I recently got a DIY cube and also recieved their Rubik's Cube Lube. 

I've been using Jig-a-loo for a while now and seems to work fine. But I would like to know if Rubik's Cube Lube is any better? Since I own both lubricants I would like to know which is the best to use? Jig-a-loo or Rubik's Cube Lube? 

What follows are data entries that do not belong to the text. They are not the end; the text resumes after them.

(* Let $S(\mathbf{G},\mathbf{\Sigma})$ be a constrained switching system with automaton $\mathbf{G}(V,E)$ and $\mathbf{\Sigma}=\{A_1,\dots,A_N\}\subset\mathbb{R}^{n\times n}$, and let $|\cdot|$ be a fixed vector norm on $\mathbb{R}^n$. Then $S$ admits an extremal multinorm, i.e. a multinorm $\mathcal{M}^*=\{|\cdot|_v : v\in V\}$ with $\gamma^*(\mathcal{M}^* )=\hat\rho(S)$, if and only if there exists a constant $K\ge 1$ such that for every path $p$ in $\mathbf{G}$ and every $x\in\mathbb{R}^n$, $$|A_p x|\le K\,\hat\rho(S)^{T_p}|x|,$$ where $T_p\ge 0$ is the length of $p$.
   Context: An automaton $\mathbf{G}(V,E)$ is a strongly connected directed graph with finite node set $V$ and finite edge set $E$ of labelled edges $(v,w,\sigma)$, $v,w\in V$, $\sigma\in\{1,\dots,N\}$. A path of length $T$ is a sequence of $T$ consecutive edges; if its labels are $\sigma(1),\dots,\sigma(T)$ then $A_p=A_{\sigma(T)}\cdots A_{\sigma(1)}$, and $A_p=I$ for $T=0$. A sequence of modes is accepted by $\mathbf{G}$ if it is the succession of labels along some path (no prescribed initial or final node). The CJSR of $S(\mathbf{G},\mathbf{\Sigma})$ is $$\hat\rho(S)=\lim_{t\to\infty}\max\{\|A_{\sigma(t-1)}\cdots A_{\sigma(0)}\|^{1/t} : \sigma(0),\dots,\sigma(t-1)\text{ accepted by }\mathbf{G}\}.$$ A multinorm for $S$ is a family $\{|\cdot|_v : v\in V\}$ of vector norms on $\mathbb{R}^n$, one per node, with value $\gamma^*(\mathcal{M})=\min\{\gamma : |A_\sigma x|_w\le\gamma|x|_v\ \forall x\in\mathbb{R}^n,\ \forall (v,w,\sigma)\in E\}$. *)

From HB Require Import structures.
From mathcomp Require Import all_boot all_order all_algebra.
From mathcomp Require Import all_classical all_reals all_analysis.
Set Implicit Arguments. Unset Strict Implicit. Unset Printing Implicit Defensive.
Import Order.TTheory GRing.Theory Num.Theory.
Import numFieldNormedType.Exports.
Local Open Scope ring_scope.

Section CSS.
Variables (R : realType) (n N : nat) (V : finType).

(* A labelled edge (v, w, sigma): e.1.1 = v (source), e.1.2 = w (target),
   e.2 = sigma (mode label; modes 1..N are indexed by 'I_N). *)
Definition edge := (V * V * 'I_N)%type.

Fixpoint consecutive (p : seq edge) : bool :=
  match p with
  | e1 :: ((e2 :: _) as q) => (e1.1.2 == e2.1.1) && consecutive q
  | _ => true
  end.

Definition is_path (E : {set edge}) (p : seq edge) : bool :=
  all (fun e => e \in E) p && consecutive p.

Definition strongly_connected (E : {set edge}) : Prop :=
  forall v w : V, v = w \/
    exists (e : edge) (p : seq edge),
      is_path E (e :: p) /\ e.1.1 = v /\ (last e p).1.2 = w.

(* product A_{s_(T-1)} ... A_{s_0} for a label sequence s_0, ..., s_(T-1);
   the empty product is the identity *)
Definition prodA (A : 'I_N -> 'M[R]_n) (s : seq 'I_N) : 'M[R]_n :=
  foldl (fun M k => A k *m M) 1%:M s.

Definition Apath (A : 'I_N -> 'M[R]_n) (p : seq edge) : 'M[R]_n :=
  prodA A (map (fun e => e.2) p).

Definition accepted (E : {set edge}) t (s : t.-tuple 'I_N) : bool :=
  [exists p : t.-tuple edge, is_path E p && (map (fun e => e.2) p == s)].

(* CJSR: lim_t max { ||A_{s(t-1)} ... A_{s(0)}||^(1/t) : s accepted },
   ||.|| being the library norm on matrices (max of absolute entries);
   the max over an empty family is 0. *)
Definition cjsr (E : {set edge}) (A : 'I_N -> 'M[R]_n) : R :=
  limn (fun t : nat =>
    \big[Num.max/0]_(s : t.-tuple 'I_N | accepted E s)
       (`|prodA A s| `^ (t%:R)^-1)).

Definition is_vnorm (nu : 'cV[R]_n -> R) : Prop :=
  (forall x, 0 <= nu x) /\ (forall x, nu x = 0 -> x = 0) /\
  (forall (a : R) x, nu (a *: x) = `|a| * nu x) /\
  (forall x y, nu (x + y) <= nu x + nu y).

Definition is_multinorm (M : V -> 'cV[R]_n -> R) : Prop :=
  forall v, is_vnorm (M v).

Definition gamma_ok (E : {set edge}) (A : 'I_N -> 'M[R]_n)
  (M : V -> 'cV[R]_n -> R) (g : R) : Prop :=
  forall e, e \in E -> forall x, M e.1.2 (A e.2 *m x) <= g * M e.1.1 x.

Definition is_gamma_star (E : {set edge}) (A : 'I_N -> 'M[R]_n)
  (M : V -> 'cV[R]_n -> R) (g : R) : Prop :=
  0 <= g /\ gamma_ok E A M g /\
  (forall g', 0 <= g' -> gamma_ok E A M g' -> g <= g').

Definition extremal_multinorm (E : {set edge}) (A : 'I_N -> 'M[R]_n)
  (M : V -> 'cV[R]_n -> R) : Prop :=
  is_multinorm M /\ is_gamma_star E A M (cjsr E A).

End CSS.

From HB Require Import structures.
From mathcomp Require Import all_boot all_order all_algebra.
From mathcomp Require Import all_classical all_reals all_analysis.
From mathcomp Require Import lra.
Import Order.TTheory GRing.Theory Num.Theory.
Import numFieldNormedType.Exports.
Set Implicit Arguments.
Unset Strict Implicit.
Unset Printing Implicit Defensive.
Local Open Scope ring_scope.
Local Open Scope classical_set_scope.

(* All norms on R^n are equivalent, with constants uniform over the finitely
   many nodes.  If M is extremal, induction along a path p from v to w gives
   |A_p x|_w <= rho^T |x|_v, and norm equivalence turns this into the bound
   with a uniform K.  Conversely, given the bound and rho > 0, the node norms
     |x|_v = sup { |A_p x| / rho^(T_p) : p a path starting at v }
   lie between |x| and K |x|, and prepending an edge (v, w, s) to a path
   from w shows |A_s x|_w <= rho |x|_v.  No multinorm does better than rho:
   a gamma-bound on the edges bounds every ||A_p|| by a constant times
   gamma^(T_p), whose T_p-th roots tend to gamma. *)

Section MatrixNorm.
Variable R : realType.

Lemma mx_norm_entry_le m p (M : 'M[R]_(m, p)) i j : `|M i j| <= `|M|.
Proof.
rewrite [`|M|]mx_normrE.
exact: (le_bigmax _ (fun ij : 'I_m * 'I_p => `|M ij.1 ij.2|) (i, j)).
Qed.

Lemma mx_norm_le m p (M : 'M[R]_(m, p)) b :
  0 <= b -> (forall i j, `|M i j| <= b) -> `|M| <= b.
Proof. by move=> b0 Mb; rewrite [`|M|]mx_normrE; apply: bigmax_le => // -[i j]. Qed.

Lemma mx_norm_trmx m p (M : 'M[R]_(m, p)) : `|M^T| = `|M|.
Proof.
apply/eqP; rewrite eq_le; apply/andP; split; apply: mx_norm_le => // i j.
  by rewrite mxE mx_norm_entry_le.
by have := mx_norm_entry_le M^T j i; rewrite mxE.
Qed.

End MatrixNorm.

Lemma continuous_of_dist_le (R : realType) (W : normedModType R) (f : W -> R) B :
  0 <= B -> (forall y z, `|f y - f z| <= B * `|y - z|) -> continuous f.
Proof.
move=> B0 fB y; apply/cvgrPdist_lt => e e0.
have eB : 0 < e / (B + 1) by rewrite divr_gt0 // ltr_wpDl.
near=> z; apply: le_lt_trans (fB y z) _.
have : `|y - z| < e / (B + 1) by near: z; exact: cvgr_dist_lt.
rewrite ltr_pdivlMr ?ltr_wpDl // => yz.
have := normr_ge0 (y - z); nra.
Unshelve. all: by end_near.
Qed.

Section VectorNorm.
Variables (R : realType) (n : nat) (nu : 'cV[R]_n -> R).
Hypothesis nu_vnorm : is_vnorm nu.

Lemma vnorm_ge0 x : 0 <= nu x.
Proof. by case: nu_vnorm => + _; apply. Qed.

Lemma vnorm_eq0 x : nu x = 0 -> x = 0.
Proof. by case: nu_vnorm => _ [+ _]; apply. Qed.

Lemma vnormZ a x : nu (a *: x) = `|a| * nu x.
Proof. by case: nu_vnorm => _ [_ [+ _]]; apply. Qed.

Lemma vnormD x y : nu (x + y) <= nu x + nu y.
Proof. by case: nu_vnorm => _ [_ [_]]; apply. Qed.

Lemma vnorm0 : nu 0 = 0.
Proof. by rewrite -(scale0r 0) vnormZ normr0 mul0r. Qed.

Lemma vnormN x : nu (- x) = nu x.
Proof. by rewrite -scaleN1r vnormZ normrN normr1 mul1r. Qed.

Lemma vnorm_sum (I : finType) (F : I -> 'cV[R]_n) :
  nu (\sum_i F i) <= \sum_i nu (F i).
Proof.
elim/big_rec2: _ => [|i s y _ IH]; first by rewrite vnorm0.
by apply: le_trans (vnormD _ _) _; rewrite lerD2l.
Qed.

Lemma vnorm_le_mx_norm : exists2 B, 0 <= B & forall x, nu x <= B * `|x|.
Proof.
exists (\sum_i nu (delta_mx i 0)) => [|x].
  by apply: sumr_ge0 => i _; apply: vnorm_ge0.
have xE : x = \sum_i x i 0 *: delta_mx i 0.
  by rewrite {1}(matrix_sum_delta x); apply: eq_bigr => i _; rewrite big_ord1.
rewrite {1}xE mulr_suml; apply: le_trans (vnorm_sum _) _; apply: ler_sum => i _.
rewrite vnormZ mulrC ler_wpM2l ?vnorm_ge0 //.
exact: mx_norm_entry_le.
Qed.

Lemma vnorm_dist_le B : (forall x, nu x <= B * `|x|) ->
  forall x y, `|nu x - nu y| <= B * `|x - y|.
Proof.
move=> nuB x y; apply: le_trans (nuB (x - y)).
have := vnormD (x - y) y; have := vnormD (y - x) x.
rewrite !subrK -opprB vnormN ler_norml; lra.
Qed.

Lemma mx_norm_le_vnorm : exists2 c, 0 < c & forall x, c * `|x| <= nu x.
Proof.
have [B B0 nuB] := vnorm_le_mx_norm.
(* compactness of bounded closed sets is available for row vectors only *)
pose f (y : 'rV[R]_n) := nu y^T.
pose S := [set y : 'rV[R]_n | `|y| = 1].
have normalized_in_S x : x != 0 -> S (`|x|^-1 *: x^T).
  move=> x0; rewrite /S /= normrZ mx_norm_trmx ger0_norm ?invr_ge0 //.
  by rewrite mulVf // normr_eq0.
have f_normalized x : f (`|x|^-1 *: x^T) = `|x|^-1 * nu x.
  by rewrite /f linearZ /= trmxK vnormZ ger0_norm // invr_ge0.
have [S0|S0] := pselect (S !=set0); last first.
  exists 1 => // x; have [->|x0] := eqVneq x 0; first by rewrite normr0 mulr0 vnorm0.
  by exfalso; apply: S0; exists (`|x|^-1 *: x^T); exact: normalized_in_S.
have S_compact : compact S.
  apply: bounded_closed_compact.
    by exists 1; split => // M M1 y /= ->; exact: ltW.
  exact: (continuous_closedP (fun y : 'rV[R]_n => `|y|)).1
    (@norm_continuous _ _) _ (@closed_eq R 1).
have f_cont : continuous f.
  apply: (continuous_of_dist_le B0) => y z.
  by rewrite /f -mx_norm_trmx linearB vnorm_dist_le.
have [y0 /set_mem y0S y0_min] :=
  compact_EVT_min S0 S_compact (continuous_subspaceT f_cont).
have f_y0_gt0 : 0 < f y0.
  rewrite lt_def vnorm_ge0 andbT; apply/negP => /eqP /vnorm_eq0 y0T0.
  by move: y0S; rewrite /S /= -mx_norm_trmx y0T0 normr0 => /esym/eqP; rewrite oner_eq0.
exists (f y0) => // x; have [->|x0] := eqVneq x 0; first by rewrite normr0 mulr0 vnorm0.
have := y0_min _ (mem_set (normalized_in_S x x0)); rewrite f_normalized.
by rewrite ler_pdivlMl ?normr_gt0 // mulrC.
Qed.

Lemma vnorm_equiv_mx_norm :
  exists2 C, 1 <= C & forall x, `|x| <= C * nu x /\ nu x <= C * `|x|.
Proof.
have [B B0 nuB] := vnorm_le_mx_norm; have [c c0 cnu] := mx_norm_le_vnorm.
have ic0 : 0 <= c^-1 by rewrite invr_ge0 ltW.
exists (1 + B + c^-1) => [|x]; first lra.
have := normr_ge0 x; have := vnorm_ge0 x; split.
  by apply: le_trans (_ : c^-1 * nu x <= _); rewrite ?ler_pdivlMl // ler_wpM2r //; lra.
by apply: le_trans (nuB x) _; rewrite ler_wpM2r //; lra.
Qed.

End VectorNorm.

Section NormEquivalence.
Variables (R : realType) (n : nat).

Lemma vnorm_equiv (nu mu : 'cV[R]_n -> R) : is_vnorm nu -> is_vnorm mu ->
  exists2 C, 1 <= C & forall x, nu x <= C * mu x /\ mu x <= C * nu x.
Proof.
move=> nuN muN.
have [C1 C1_ge1 nuC1] := vnorm_equiv_mx_norm nuN.
have [C2 C2_ge1 muC2] := vnorm_equiv_mx_norm muN.
have C_ge1 : 1 <= C1 * C2 by rewrite -[1]mulr1 ler_pM.
exists (C1 * C2) => // x; have [x_nu nu_x] := nuC1 x; have [x_mu mu_x] := muC2 x.
have C10 : 0 <= C1 by lra.
have C20 : 0 <= C2 by lra.
split; rewrite -mulrA.
  by apply: le_trans nu_x _; rewrite ler_wpM2l.
by rewrite mulrCA; apply: le_trans mu_x _; rewrite ler_wpM2l.
Qed.

Lemma multinorm_equiv (V : finType) (nu : 'cV[R]_n -> R) (M : V -> 'cV[R]_n -> R) :
  is_vnorm nu -> is_multinorm M ->
  exists2 C, 1 <= C & forall v x, nu x <= C * M v x /\ M v x <= C * nu x.
Proof.
move=> nuN MN.
have /choice [C HC] : forall v, exists C : R,
    1 <= C /\ forall x, nu x <= C * M v x /\ M v x <= C * nu x.
  by move=> v; have [C C1 HC] := vnorm_equiv nuN (MN v); exists C.
pose Cmax := \big[Num.max/1]_v C v.
have Cmax_ge1 : 1 <= Cmax by exact: bigmax_ge_id.
exists Cmax => // v x; have [Cv1 /(_ x) [nu_M M_nu]] := HC v.
have Cv_le : C v <= Cmax by exact: le_bigmax.
have := vnorm_ge0 nuN x; have := vnorm_ge0 (MN v) x; split; nra.
Qed.

Lemma mx_norm_le_vnorm_gain (nu : 'cV[R]_n -> R) : is_vnorm nu ->
  exists2 C, 0 <= C & forall (P : 'M[R]_n) b, 0 <= b ->
    (forall x, nu (P *m x) <= b * nu x) -> `|P| <= C * b.
Proof.
move=> nuN; have [C C1 nuC] := vnorm_equiv_mx_norm nuN.
have C0 : 0 <= C by lra.
exists (C * C) => [|P b b0 Pb]; first exact: mulr_ge0.
apply: mx_norm_le => [|i j]; first by rewrite !mulr_ge0.
have delta_le1 : `|delta_mx j 0 : 'cV[R]_n| <= 1.
  by apply: mx_norm_le => // k l; rewrite mxE; case: (_ && _); rewrite ?normr1 ?normr0.
have -> : P i j = (P *m (delta_mx j 0 : 'cV_n)) i 0 by rewrite -colE mxE.
apply: le_trans (mx_norm_entry_le _ i 0) _; apply: le_trans (nuC _).1 _.
rewrite -mulrA ler_wpM2l //; apply: le_trans (Pb _) _.
rewrite mulrC ler_wpM2r //; apply: le_trans (nuC _).2 _.
by rewrite -[leRHS]mulr1 ler_wpM2l.
Qed.

End NormEquivalence.

Lemma limn_le_of_pow_bound (R : realType) (u : R^nat) (g D : R) : 0 <= g ->
  (forall t, (0 < t)%N -> forall q, 0 < q -> q < u t -> q ^+ t <= D * g ^+ t) ->
  limn u <= g.
Proof.
move=> g0 uB; rewrite leNgt; apply/negP => gL.
have u_cvg : cvgn u.
  by apply: contrapT => /dvgP u_dvg; move: gL; rewrite u_dvg ltNge g0.
pose q : R := (g + limn u) / 2; have q0 : 0 < q by rewrite /q; lra.
have gq_lt1 : `|g / q| < 1.
  rewrite ger0_norm ?ltr_pdivrMr ?mul1r ?divr_ge0 ?(ltW q0) // /q; lra.
have eps0 : 0 < (`|D| + 1)^-1 by rewrite invr_gt0 ltr_wpDl.
near \oo => t.
have qu : q < u t by near: t; apply: cvgr_gt u_cvg _ _; rewrite /q; lra.
have small : `|(g / q) ^+ t| < (`|D| + 1)^-1.
  by near: t; apply: cvgr0_norm_lt eps0; exact: cvg_expr.
have t0 : (0 < t)%N by near: t; exists 1%N.
have gE : g ^+ t = (g / q) ^+ t * q ^+ t by rewrite -exprMn mulfVK // gt_eqF.
have Dr_lt1 : D * (g / q) ^+ t < 1.
  apply: le_lt_trans (ler_norm _) _; rewrite normrM.
  move: small; rewrite -[X in _ < X]mul1r ltr_pdivlMr ?ltr_wpDl //.
  have := normr_ge0 D; have := normr_ge0 ((g / q) ^+ t); nra.
have := uB t t0 q q0 qu; rewrite gE mulrA; apply/negP; rewrite -ltNge.
by rewrite gtr_pMl // exprn_gt0.
Unshelve. all: by end_near.
Qed.

Section Paths.
Variables (R : realType) (n N : nat) (V : finType).
Variables (E : {set edge N V}) (A : 'I_N -> 'M[R]_n).
Implicit Types (e : edge N V) (p : seq (edge N V)).

Lemma prodA_cons k s : prodA A (k :: s) = prodA A s *m A k.
Proof.
rewrite /prodA /= mulmx1 -[A k in LHS]mul1mx.
elim: s (1%:M : 'M[R]_n) => [|l s IH] P //=.
by rewrite mulmxA IH.
Qed.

If you've tried one, or both, please tell me which you think is better?


----------



## bigbee99 (Nov 10, 2011)

Assuming you mean the rubik's brand lube that comes with their DIY's, it really depends on the cube, but most people would prefer jigaloo.


----------



## Edward (Nov 10, 2011)

Are you talking about the milky stuff? IIRC, it's good, but it dries fast, like maru lube. 
I like Jig-a-loo myself. Need to buy a new can


----------



## jaywong88 (Nov 11, 2011)

as long it's silicone lubricant..just work the same


----------



## Godmil (Nov 11, 2011)

Just try it. If you don't like it clean it out. Also just use a few drops.


----------



## mrw (Nov 13, 2011)

lube the core like you would with lubix, with the rubiks lube and the pieces with jigaloo


----------



## Thompson (Nov 13, 2011)

I've tried both but I like Jigaloo a lot more


----------



## Cheese11 (Nov 16, 2011)

jaywong88 said:


> as long it's silicone lubricant..just work the same


 
Not quite.


----------



## radmin (Nov 16, 2011)

Jigaloo is good but it should be used as a last resort if other, less damaging lubes don't work.
The popular lube right now is shock oil or diff oil. However, on some cubes, only Jigaloo will do. My Alpha Vs are just with jigaloo.

If you have both I'd start with Rubik's lube, then switch if you aren't happy.


----------